'''

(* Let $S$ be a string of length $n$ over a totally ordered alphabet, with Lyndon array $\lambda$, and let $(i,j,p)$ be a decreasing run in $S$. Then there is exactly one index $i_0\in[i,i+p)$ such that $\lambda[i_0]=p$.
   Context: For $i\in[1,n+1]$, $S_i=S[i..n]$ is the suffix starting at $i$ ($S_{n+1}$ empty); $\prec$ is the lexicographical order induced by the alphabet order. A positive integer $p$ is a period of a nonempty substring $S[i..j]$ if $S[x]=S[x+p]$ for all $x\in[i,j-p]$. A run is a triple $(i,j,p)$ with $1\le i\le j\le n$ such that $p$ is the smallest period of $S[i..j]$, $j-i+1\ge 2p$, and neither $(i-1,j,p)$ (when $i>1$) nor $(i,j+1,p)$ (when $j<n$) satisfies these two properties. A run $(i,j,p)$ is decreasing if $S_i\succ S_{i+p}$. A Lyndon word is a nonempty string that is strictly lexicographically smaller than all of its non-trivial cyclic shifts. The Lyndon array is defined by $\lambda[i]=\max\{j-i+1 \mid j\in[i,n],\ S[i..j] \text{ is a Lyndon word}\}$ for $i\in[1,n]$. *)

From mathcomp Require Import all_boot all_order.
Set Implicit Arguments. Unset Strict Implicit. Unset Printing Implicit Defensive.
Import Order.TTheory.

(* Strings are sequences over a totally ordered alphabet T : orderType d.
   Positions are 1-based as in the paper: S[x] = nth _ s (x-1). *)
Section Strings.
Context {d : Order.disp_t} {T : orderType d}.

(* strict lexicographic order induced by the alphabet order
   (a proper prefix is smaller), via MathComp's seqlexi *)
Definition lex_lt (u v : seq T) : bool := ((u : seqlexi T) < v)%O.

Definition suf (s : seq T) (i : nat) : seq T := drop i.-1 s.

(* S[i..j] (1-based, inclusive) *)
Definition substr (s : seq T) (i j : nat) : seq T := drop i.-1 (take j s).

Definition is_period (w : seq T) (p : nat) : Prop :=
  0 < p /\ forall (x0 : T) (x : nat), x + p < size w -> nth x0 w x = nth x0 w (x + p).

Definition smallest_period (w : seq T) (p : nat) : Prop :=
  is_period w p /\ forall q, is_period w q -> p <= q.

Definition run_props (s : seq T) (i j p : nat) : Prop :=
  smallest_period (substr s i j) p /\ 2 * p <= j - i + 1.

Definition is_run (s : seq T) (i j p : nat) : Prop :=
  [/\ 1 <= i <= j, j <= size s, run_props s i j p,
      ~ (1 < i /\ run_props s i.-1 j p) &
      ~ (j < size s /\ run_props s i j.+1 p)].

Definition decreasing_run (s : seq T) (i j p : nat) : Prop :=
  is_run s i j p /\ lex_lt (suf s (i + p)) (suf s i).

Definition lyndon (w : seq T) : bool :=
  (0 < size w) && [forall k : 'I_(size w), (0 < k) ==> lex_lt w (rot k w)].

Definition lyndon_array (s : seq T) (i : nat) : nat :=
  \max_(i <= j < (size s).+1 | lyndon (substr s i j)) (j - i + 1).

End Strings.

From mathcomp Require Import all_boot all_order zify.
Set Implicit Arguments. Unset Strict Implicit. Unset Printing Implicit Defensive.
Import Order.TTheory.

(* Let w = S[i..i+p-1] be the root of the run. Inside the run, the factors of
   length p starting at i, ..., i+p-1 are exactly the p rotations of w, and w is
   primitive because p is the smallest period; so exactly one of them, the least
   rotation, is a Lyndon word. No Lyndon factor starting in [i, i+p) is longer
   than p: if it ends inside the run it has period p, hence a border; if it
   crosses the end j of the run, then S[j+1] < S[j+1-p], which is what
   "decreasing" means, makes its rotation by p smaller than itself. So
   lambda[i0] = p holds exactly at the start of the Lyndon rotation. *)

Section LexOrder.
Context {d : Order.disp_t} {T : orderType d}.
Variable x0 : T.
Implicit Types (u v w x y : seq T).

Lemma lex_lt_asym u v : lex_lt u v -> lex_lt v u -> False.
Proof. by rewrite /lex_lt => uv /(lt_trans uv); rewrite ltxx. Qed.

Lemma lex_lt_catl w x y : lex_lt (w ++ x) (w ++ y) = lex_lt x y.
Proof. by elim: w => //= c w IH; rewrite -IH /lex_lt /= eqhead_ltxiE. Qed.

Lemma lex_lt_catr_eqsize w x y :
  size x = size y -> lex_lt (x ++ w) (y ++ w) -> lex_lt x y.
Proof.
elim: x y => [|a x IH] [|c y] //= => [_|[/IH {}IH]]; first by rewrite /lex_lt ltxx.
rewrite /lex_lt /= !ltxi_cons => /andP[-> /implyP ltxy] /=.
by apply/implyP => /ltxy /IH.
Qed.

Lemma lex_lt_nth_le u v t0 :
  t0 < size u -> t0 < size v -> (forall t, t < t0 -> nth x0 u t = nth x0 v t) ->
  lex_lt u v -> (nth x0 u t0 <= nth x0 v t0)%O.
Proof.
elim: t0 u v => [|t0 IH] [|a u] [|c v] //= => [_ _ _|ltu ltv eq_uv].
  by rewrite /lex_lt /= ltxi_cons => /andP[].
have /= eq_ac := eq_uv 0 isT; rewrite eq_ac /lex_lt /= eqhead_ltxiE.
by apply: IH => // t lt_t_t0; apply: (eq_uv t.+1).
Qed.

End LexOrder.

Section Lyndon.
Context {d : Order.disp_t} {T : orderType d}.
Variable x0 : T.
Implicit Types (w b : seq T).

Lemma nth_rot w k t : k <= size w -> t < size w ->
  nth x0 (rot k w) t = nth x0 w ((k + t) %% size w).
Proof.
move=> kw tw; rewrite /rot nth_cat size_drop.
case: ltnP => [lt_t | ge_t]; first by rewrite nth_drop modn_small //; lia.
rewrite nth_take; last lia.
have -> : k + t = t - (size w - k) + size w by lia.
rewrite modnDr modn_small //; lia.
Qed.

'''
'''

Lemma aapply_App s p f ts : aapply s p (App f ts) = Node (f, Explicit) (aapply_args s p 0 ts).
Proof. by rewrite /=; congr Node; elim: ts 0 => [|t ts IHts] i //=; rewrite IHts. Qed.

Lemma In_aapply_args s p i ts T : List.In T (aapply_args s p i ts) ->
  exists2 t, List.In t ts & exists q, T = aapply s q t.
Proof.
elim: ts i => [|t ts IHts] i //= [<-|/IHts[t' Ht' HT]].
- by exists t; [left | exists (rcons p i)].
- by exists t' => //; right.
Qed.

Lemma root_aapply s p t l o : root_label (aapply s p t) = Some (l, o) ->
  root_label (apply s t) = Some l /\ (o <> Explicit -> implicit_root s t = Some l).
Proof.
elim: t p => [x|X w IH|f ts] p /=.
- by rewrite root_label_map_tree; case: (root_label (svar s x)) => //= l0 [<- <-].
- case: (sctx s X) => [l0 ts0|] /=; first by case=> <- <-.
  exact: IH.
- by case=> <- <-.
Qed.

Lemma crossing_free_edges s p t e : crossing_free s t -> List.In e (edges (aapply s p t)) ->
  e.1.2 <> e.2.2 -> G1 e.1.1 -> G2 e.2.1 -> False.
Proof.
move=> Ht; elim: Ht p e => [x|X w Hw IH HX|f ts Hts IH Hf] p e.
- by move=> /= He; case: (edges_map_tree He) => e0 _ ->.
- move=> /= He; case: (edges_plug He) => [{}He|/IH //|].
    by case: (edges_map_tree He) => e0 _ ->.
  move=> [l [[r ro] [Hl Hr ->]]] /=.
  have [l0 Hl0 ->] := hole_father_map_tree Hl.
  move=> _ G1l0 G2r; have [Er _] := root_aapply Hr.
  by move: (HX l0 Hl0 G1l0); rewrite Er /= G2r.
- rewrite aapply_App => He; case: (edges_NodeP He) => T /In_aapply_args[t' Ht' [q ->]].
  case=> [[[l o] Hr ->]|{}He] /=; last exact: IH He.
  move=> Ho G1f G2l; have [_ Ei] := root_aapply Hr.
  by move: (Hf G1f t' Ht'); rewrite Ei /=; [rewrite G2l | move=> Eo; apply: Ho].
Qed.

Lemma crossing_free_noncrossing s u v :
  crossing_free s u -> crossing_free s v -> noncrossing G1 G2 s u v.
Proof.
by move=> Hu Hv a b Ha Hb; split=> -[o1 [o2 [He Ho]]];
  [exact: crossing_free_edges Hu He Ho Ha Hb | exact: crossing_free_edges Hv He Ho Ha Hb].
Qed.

'''

- **Your task**: Go through the listing above and write out exactly the lines starting with the one holding "rotation, is a" and running through the one holding "Section LexOrder.", ends included, and no others.

- **Result**:
   rotation, is a Lyndon word. No Lyndon factor starting in [i, i+p) is longer
   than p: if it ends inside the run it has period p, hence a border; if it
   crosses the end j of the run, then S[j+1] < S[j+1-p], which is what
   "decreasing" means, makes its rotation by p smaller than itself. So
   lambda[i0] = p holds exactly at the start of the Lyndon rotation. *)

Section LexOrder.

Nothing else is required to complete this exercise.